Until high school I'd always been a nerd and not very athletic. Well, in high school I was still a nerd but I was what I like to call a sporty nerd. I really took to track and field and enjoyed it a lot. There was a nice balance of individual and team sport. One of the first lessons I learned was that the only race going on was the race in my lane. Trust me, I learned it the hard way.

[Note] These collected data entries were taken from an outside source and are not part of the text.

(* Every cograph admits a canonical dominating set.
   Context: All graphs are finite, simple and undirected. The union $G_1\cup G_2$ of two vertex-disjoint graphs has vertex set $V(G_1)\cup V(G_2)$ and edge set $E(G_1)\cup E(G_2)$; the join $G_1\vee G_2$ additionally contains all edges $vw$ with $v\in V(G_1)$, $w\in V(G_2)$. Cographs are defined recursively: a single vertex is a cograph, and the union and the join of two cographs are cographs. A set $D\subseteq V(G)$ is a dominating set if every vertex of $G$ is in $D$ or adjacent to a vertex of $D$. Two dominating sets $D,D'$ are adjacent if $|D\triangle D'|=1$. For dominating sets $D_p,D_q$ and an integer $k>0$, write $D_p\leftrightarrow_k D_q$ if there is a sequence $D_0=D_p,\dots,D_\ell=D_q$ ($\ell\ge0$) of dominating sets of $G$ with consecutive sets adjacent and $|D_i|\le k$ for all $i$. A minimum dominating set $D^*$ of $G$ is canonical if $D\leftrightarrow_{|D|+1} D^*$ for every dominating set $D$ of $G$. *)

(* A simple graph is a symmetric irreflexive relation e on a finType T. *)
From mathcomp Require Import all_boot.
Set Implicit Arguments. Unset Strict Implicit. Unset Printing Implicit Defensive.

Section Graphs.
Variables (T : finType) (e : rel T).

(* Cographs, stated for induced subgraphs G[S]: G[S] is a cograph iff it is a
   single vertex, or S splits into two disjoint (nonempty, since cographs are
   nonempty) parts A, B, each inducing a cograph, with either no edge (union)
   or every edge (join) between A and B. *)
Inductive cograph_on : {set T} -> Prop :=
  | cograph_single (v : T) : cograph_on [set v]
  | cograph_union (A B : {set T}) :
      [disjoint A & B] -> cograph_on A -> cograph_on B ->
      (forall a b, a \in A -> b \in B -> ~~ e a b) ->
      cograph_on (A :|: B)
  | cograph_join (A B : {set T}) :
      [disjoint A & B] -> cograph_on A -> cograph_on B ->
      (forall a b, a \in A -> b \in B -> e a b) ->
      cograph_on (A :|: B).

Definition cograph : Prop := cograph_on [set: T].

Definition dominating (D : {set T}) : bool :=
  [forall v, (v \in D) || [exists u in D, e u v]].

Definition symdiff (D D' : {set T}) : {set T} := (D :\: D') :|: (D' :\: D).

Definition dom_adj (D D' : {set T}) : bool := #|symdiff D D'| == 1.

(* D_p <->_k D_q : a sequence D_0 = D_p, ..., D_l = D_q (l >= 0) of dominating
   sets, consecutive ones adjacent, all of size <= k. *)
Definition reconf (k : nat) (Dp Dq : {set T}) : Prop :=
  exists s : seq {set T},
    [/\ path dom_adj Dp s, last Dp s = Dq &
        all (fun D => dominating D && (#|D| <= k)) (Dp :: s)].

Definition min_dominating (D : {set T}) : Prop :=
  dominating D /\ forall D', dominating D' -> #|D| <= #|D'|.

Definition canonical_dom (Ds : {set T}) : Prop :=
  min_dominating Ds /\
  forall D, dominating D -> reconf (#|D|).+1 D Ds.

End Graphs.

From mathcomp Require Import all_boot.
Set Implicit Arguments. Unset Strict Implicit. Unset Printing Implicit Defensive.

(* Induct along the cograph decomposition, for induced subgraphs G[S].  A single
   dominating vertex is canonical: any D reaches it through D + u.  For a union
   G[A] + G[B] a dominating set splits as (D :&: A) :|: (D :&: B), and the two
   canonical sets are reached one side at a time, the other side riding along
   unchanged.  For a join without a dominating vertex every dominating set has
   at least two vertices, and any pair {a, b} across the join is canonical:
   from D, with v in D, pass to the dominating pair {v, w} (w on the side of the
   join opposite to v) and then to {a, b}, never exceeding #|D| + 1 vertices. *)

Lemma cardsU1_le (T : finType) (x : T) (A : {set T}) : #|x |: A| <= #|A|.+1.
Proof. by rewrite cardsU1 -add1n leq_add2r leq_b1. Qed.

Lemma dom_adj_sym (T : finType) (X Y : {set T}) : dom_adj X Y = dom_adj Y X.
Proof. by rewrite /dom_adj /symdiff setUC. Qed.

Lemma dom_adj_setD1 (T : finType) (X : {set T}) z : z \in X -> dom_adj X (X :\ z).
Proof.
move=> zX; rewrite /dom_adj /symdiff.
suff -> : (X :\: (X :\ z)) :|: ((X :\ z) :\: X) = [set z] by rewrite cards1.
apply/setP=> x; rewrite !inE; case: (eqVneq x z) => [->|]; rewrite ?zX //=.
by case: (x \in X).
Qed.

Lemma dom_adj_setUr (T : finType) (C X Y : {set T}) :
  [disjoint C & X :|: Y] -> dom_adj (X :|: C) (Y :|: C) = dom_adj X Y.
Proof.
move=> dC; rewrite /dom_adj /symdiff.
suff -> : (X :|: C) :\: (Y :|: C) :|: (Y :|: C) :\: (X :|: C) =
          (X :\: Y) :|: (Y :\: X) by [].
apply/setP=> x; rewrite !inE; case xC: (x \in C); last by rewrite !orbF.
by move: (disjointFr dC xC); rewrite inE => /norP [/negbTE -> /negbTE ->].
Qed.

Section Reconfiguration.
Variables (T : finType) (e : rel T).
Implicit Types (S A B C D X Y Z : {set T}) (k : nat).

Definition dominating_in S D : bool :=
  (D \subset S) && [forall v in S, (v \in D) || [exists u in D, e u v]].

Inductive reconf_in S k : {set T} -> {set T} -> Prop :=
  | reconf_in_refl D : dominating_in S D -> #|D| <= k -> reconf_in S k D D
  | reconf_in_step D1 D2 D3 : dominating_in S D1 -> #|D1| <= k -> dom_adj D1 D2 ->
      reconf_in S k D2 D3 -> reconf_in S k D1 D3.

Definition canonical_in S Ds : Prop :=
  [/\ dominating_in S Ds, forall D, dominating_in S D -> #|Ds| <= #|D| &
      forall D, dominating_in S D -> reconf_in S #|D|.+1 D Ds].

Lemma dominating_in_sub S D : dominating_in S D -> D \subset S.
Proof. by case/andP. Qed.

Lemma dominating_in_neq0 S D v : v \in S -> dominating_in S D -> D != set0.
Proof.
move=> vS /andP [_ /forall_inP /(_ v vS)] /orP [vD|/exists_inP [u uD _]].
  by apply/set0Pn; exists v.
by apply/set0Pn; exists u.
Qed.

Lemma dominating_inS S X Z :
  dominating_in S X -> X \subset Z -> Z \subset S -> dominating_in S Z.
Proof.
case/andP=> _ /forall_inP dX XZ ZS; rewrite /dominating_in ZS /=.
apply/forall_inP=> v /dX /orP [vX|/exists_inP [u uX euv]].
  by rewrite (subsetP XZ _ vX).
by apply/orP; right; apply/exists_inP; exists u => //; apply: (subsetP XZ).
Qed.

Lemma dominating_in_setU A B X Y :
  dominating_in A X -> dominating_in B Y -> dominating_in (A :|: B) (X :|: Y).
Proof.
move=> /andP [XA /forall_inP dX] /andP [YB /forall_inP dY].
rewrite /dominating_in (setUSS XA YB) /=; apply/forall_inP=> v.
case/setUP=> [/dX|/dY] /orP [vD|/exists_inP [u uD euv]];
  rewrite ?inE ?vD ?orbT //; apply/orP; right; apply/exists_inP;
  by exists u; rewrite ?inE ?uD ?orbT.
Qed.

Lemma dominating_in_setI A B D :
  (forall b a, b \in B -> a \in A -> ~~ e b a) ->
  dominating_in (A :|: B) D -> dominating_in A (D :&: A).
Proof.
move=> noBA /andP [DS /forall_inP dD]; rewrite /dominating_in subsetIr /=.
apply/forall_inP=> v vA.
have /orP [vD|/exists_inP [u uD euv]] := dD v (subsetP (subsetUl A B) v vA).
  by rewrite inE vD vA.
apply/orP; right; apply/exists_inP; exists u => //; rewrite inE uD /=.
by case/setUP: (subsetP DS u uD) => // uB; move: (noBA u v uB vA); rewrite euv.
Qed.

Lemma reconf_in_domL S k X Y : reconf_in S k X Y -> dominating_in S X.
Proof. by case. Qed.

Lemma reconf_in_cardL S k X Y : reconf_in S k X Y -> #|X| <= k.
Proof. by case. Qed.

Lemma reconf_in_trans S k X Y Z :
  reconf_in S k X Y -> reconf_in S k Y Z -> reconf_in S k X Z.
Proof.
elim=> // D1 D2 D3 dD1 D1k adj _ IH /IH rD2.
exact: reconf_in_step dD1 D1k adj rD2.
Qed.

Lemma reconf_in_sym S k X Y : reconf_in S k X Y -> reconf_in S k Y X.
Proof.
elim=> [D dD Dk|D1 D2 D3 dD1 D1k adj r IH]; first exact: reconf_in_refl.
apply: reconf_in_trans IH _.
apply: reconf_in_step (reconf_in_domL r) (reconf_in_cardL r) _ (reconf_in_refl dD1 D1k).
by rewrite dom_adj_sym.
Qed.

Lemma reconf_in_le S k k' X Y :
  k <= k' -> reconf_in S k X Y -> reconf_in S k' X Y.
Proof.
move=> kk'; elim=> [D dD Dk|D1 D2 D3 dD1 D1k adj _ IH].
  exact: reconf_in_refl dD (leq_trans Dk kk').
exact: reconf_in_step dD1 (leq_trans D1k kk') adj IH.
Qed.

(* Supersets of X stay dominating, so the vertices of Z outside X can be deleted
   one at a time. *)
Lemma reconf_in_shrink S k X Z : X \subset Z -> Z \subset S ->
  dominating_in S X -> #|Z| <= k -> reconf_in S k Z X.
Proof.
elim: {Z}_.+1 {-2}Z (ltnSn #|Z|) => // n IH Z ltZn XZ ZS dX Zk.
have dZ := dominating_inS dX XZ ZS.
have [eXZ|neXZ] := eqVneq X Z; first by rewrite -eXZ in Zk *; exact: reconf_in_refl.
have /properP [_ [z zZ zX]] : X \proper Z by rewrite properEneq neXZ.
apply: (reconf_in_step dZ Zk (dom_adj_setD1 zZ)).
have ltZz : #|Z :\ z| < #|Z| by rewrite (cardsD1 z Z) zZ.
apply: IH.
- exact: leq_trans ltZz ltZn.
- by apply/subsetP=> x xX; rewrite !inE (subsetP XZ) // andbT; apply: contraNneq zX => <-.
- exact: subset_trans (subsetDl _ _) ZS.
- exact: dX.
- exact: leq_trans (ltnW ltZz) Zk.
Qed.

Lemma reconf_in_union S k X Y : dominating_in S X -> dominating_in S Y ->
  #|X :|: Y| <= k -> reconf_in S k X Y.
Proof.
move=> dX dY XYk.
have XYS : X :|: Y \subset S by rewrite subUset !dominating_in_sub.
apply: (reconf_in_trans (Y := X :|: Y)).
  by apply/reconf_in_sym/reconf_in_shrink => //; apply: subsetUl.
by apply: reconf_in_shrink => //; apply: subsetUr.
Qed.

Lemma reconf_in_setUr A B C k X Y : [disjoint A & B] -> dominating_in B C ->
  reconf_in A k X Y -> reconf_in (A :|: B) (k + #|C|) (X :|: C) (Y :|: C).
Proof.
move=> dAB dC.
have cardUC D : #|D| <= k -> #|D :|: C| <= k + #|C|.
  by move=> Dk; apply: leq_trans (leq_card_setU D C).1 (leq_add Dk (leqnn _)).
elim=> [D dD Dk|D1 D2 D3 dD1 D1k adj r IH].
  exact: reconf_in_refl (dominating_in_setU dD dC) (cardUC D Dk).
apply: reconf_in_step (dominating_in_setU dD1 dC) (cardUC D1 D1k) _ IH.
rewrite dom_adj_setUr // disjoint_sym.
apply: disjointWl (disjointWr (dominating_in_sub dC) dAB).
by rewrite subUset (dominating_in_sub dD1) (dominating_in_sub (reconf_in_domL r)).
Qed.

Lemma canonical_in_set1 S u :
  u \in S -> dominating_in S [set u] -> canonical_in S [set u].
Proof.
move=> uS du; split=> // D dD; first by rewrite cards1 card_gt0 (dominating_in_neq0 uS dD).
by apply: reconf_in_union => //; rewrite setUC cardsU1_le.
Qed.

Section Union.
Variables (A B : {set T}).
Hypotheses (dAB : [disjoint A & B])
           (noAB : forall a b, a \in A -> b \in B -> ~~ e a b)
           (noBA : forall b a, b \in B -> a \in A -> ~~ e b a).

Lemma card_split_union D : D \subset A :|: B -> #|D| = #|D :&: A| + #|D :&: B|.
Proof.
move=> DAB; rewrite -{1}(setIidPl DAB) setIUr; apply/eqP.
by rewrite (leq_card_setU _ _).2 (disjointWl (subsetIr _ _) (disjointWr (subsetIr _ _) dAB)).
Qed.

Lemma canonical_in_union DsA DsB : canonical_in A DsA -> canonical_in B DsB ->
  canonical_in (A :|: B) (DsA :|: DsB).
Proof.
move=> [dsA minA reachA] [dsB minB reachB].
have dIA D : dominating_in (A :|: B) D -> dominating_in A (D :&: A).
  exact: dominating_in_setI.
have dIB D : dominating_in (A :|: B) D -> dominating_in B (D :&: B).
  by rewrite setUC; apply: dominating_in_setI.
split=> [|D dD|D dD]; first exact: dominating_in_setU.
  rewrite (card_split_union (dominating_in_sub dD)).
  apply: leq_trans (leq_card_setU _ _).1 _.
  by rewrite leq_add ?minA ?minB ?dIA ?dIB.
have cardD := card_split_union (dominating_in_sub dD).
have stepA := reconf_in_setUr dAB (dIB D dD) (reachA _ (dIA D dD)).
rewrite -setIUr (setIidPl (dominating_in_sub dD)) addSn -cardD in stepA.
have dBA : [disjoint B & A] by rewrite disjoint_sym.
have stepB := reconf_in_setUr dBA dsA (reachB _ (dIB D dD)).
rewrite [B :|: A]setUC ![_ :|: DsA]setUC in stepB.
apply: reconf_in_trans stepA (reconf_in_le _ stepB).
by rewrite cardD addSn ltnS addnC leq_add2r minA ?dIA.
Qed.

End Union.

Section Join.
Hypothesis esym : symmetric e.
Variables (A B : {set T}).
Hypothesis allAB : forall a b, a \in A -> b \in B -> e a b.

Lemma dominating_in_join_pair v w :
  v \in A -> w \in B -> dominating_in (A :|: B) [set v; w].
Proof.
move=> vA wB; rewrite /dominating_in subUset !sub1set !inE vA wB orbT /=.
apply/forall_inP=> x /setUP [xA|xB]; apply/orP; right; apply/exists_inP.
  by exists w; rewrite ?inE ?eqxx ?orbT // esym allAB.
by exists v; rewrite ?inE ?eqxx ?orbT // allAB.
Qed.

Lemma canonical_in_join a b : a \in A -> b \in B ->
  exists Ds, canonical_in (A :|: B) Ds.
Proof.
move=> aA bB; have aS : a \in A :|: B by rewrite inE aA.
have [/exists_inP [u uS du]|no_dom_vertex] :=
  boolP [exists u in A :|: B, dominating_in (A :|: B) [set u]].
  by exists [set u]; apply: canonical_in_set1.
have ge2 D : dominating_in (A :|: B) D -> 1 < #|D|.
  move=> dD; rewrite ltn_neqAle eq_sym card_gt0 (dominating_in_neq0 aS dD) andbT.
  apply: contra no_dom_vertex => /cards1P [u eD]; apply/exists_inP; exists u; last by rewrite -eD.
  by rewrite (subsetP (dominating_in_sub dD)) // eD set11.
have card_ab D : dominating_in (A :|: B) D -> #|[set a; b]| <= #|D|.
  by move=> dD; apply: leq_trans (ge2 D dD); rewrite cards2 ltnS leq_b1.
have dab := dominating_in_join_pair aA bB.
exists [set a; b]; split=> // D dD.
have /set0Pn [v vD] := dominating_in_neq0 aS dD.
have [w wab dvw] : exists2 w, w \in [set a; b] & dominating_in (A :|: B) [set v; w].
  case/setUP: (subsetP (dominating_in_sub dD) v vD) => [vA|vB].
    by exists b; [rewrite !inE eqxx orbT | exact: dominating_in_join_pair vA bB].
  exists a; first by rewrite !inE eqxx.
  by rewrite [[set v; a]]setUC; exact: dominating_in_join_pair aA vB.
apply: (reconf_in_trans (Y := [set v; w])); apply: reconf_in_union => //.
  by rewrite setUA (setUidPl (_ : [set v] \subset D)) ?sub1set // setUC cardsU1_le.
have -> : [set v; w] :|: [set a; b] = v |: [set a; b].
  by rewrite -setUA (setUidPr (_ : [set w] \subset _)) ?sub1set.
by apply: leq_trans (cardsU1_le _ _) _; rewrite ltnS card_ab.
Qed.

End Join.

Lemma cograph_on_neq0 S : cograph_on e S -> S != set0.
Proof.
elim=> [v|A B _ _ nA *|A B _ _ nA *]; first by apply/set0Pn; exists v; rewrite set11.
  by rewrite setU_eq0 negb_and nA.
by rewrite setU_eq0 negb_and nA.
Qed.

Lemma cograph_on_canonical S : symmetric e -> cograph_on e S ->
  exists Ds, canonical_in S Ds.
Proof.
move=> esym; elim=> [v|A B dAB _ [DsA cA] _ [DsB cB] noAB|A B _ nA _ nB _ allAB].
- exists [set v]; apply: canonical_in_set1 (set11 v) _.
  by rewrite /dominating_in subxx; apply/forall_inP=> x /set1P ->; rewrite set11.
- exists (DsA :|: DsB); apply: canonical_in_union => // b a bB aA.
  by rewrite esym noAB.
- have /set0Pn [a aA] := cograph_on_neq0 nA.
  have /set0Pn [b bB] := cograph_on_neq0 nB.
  exact (canonical_in_join esym allAB aA bB).
Qed.

Lemma dominating_in_setT D : dominating_in [set: T] D = dominating e D.
Proof.
rewrite /dominating_in subsetT; apply/forall_inP/forallP=> dD v //.
exact: dD.
Qed.

Lemma reconf_in_setT k X Y : reconf_in [set: T] k X Y -> reconf e k X Y.
Proof.
elim=> [D dD Dk|D1 D2 D3 dD1 D1k adj _ [s [p l a]]].
  by exists [::]; split=> //=; rewrite -dominating_in_setT dD Dk.
by exists (D2 :: s); split=> //=; rewrite ?adj ?p // -dominating_in_setT dD1 D1k.
Qed.

End Reconfiguration.

Theorem lemma5 (T : finType) (e : rel T) :
  symmetric e -> irreflexive e -> cograph e ->
  exists Ds : {set T}, canonical_dom e Ds.
Proof.
move=> esym _ cg; have [Ds [dDs minDs reachDs]] := cograph_on_canonical esym cg.
exists Ds; split; first split.
- by rewrite -dominating_in_setT.
- by move=> D; rewrite -dominating_in_setT; apply: minDs.
- by move=> D; rewrite -dominating_in_setT => dD; apply/reconf_in_setT/reachDs.
Qed.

I remember running summer track my sophomore year in high school at a meet in Savannah, Georgia to qualify for the national meet. We were all lined up to start the finals of the 100m hurdles. Top three finishers advance to nationals. The race starts and we're all out pretty even over the first 8 hurdles and I'm starting to feel some separation from the girl next to me. As I come off hurdle 9 I know I have a shot of finishing in the top 3. I decide to take a quick glance to my left to see where I was in the pack and it happened...I knocked the 10th and final hurdle over and fell. Needless to say my dreams of nationals were over. For a split second I lost sight of my race to see what was going on around me and I paid for it. There's even a scar on my leg to remind me of it. The race was in my lane and my lane alone. The moment I lost sight of what I was doing is the moment I lost control of my race. Everyone's race strategy is different. Some get out fast, while others get out slow and at the end of it the difference is the time it took us to get to the finish line.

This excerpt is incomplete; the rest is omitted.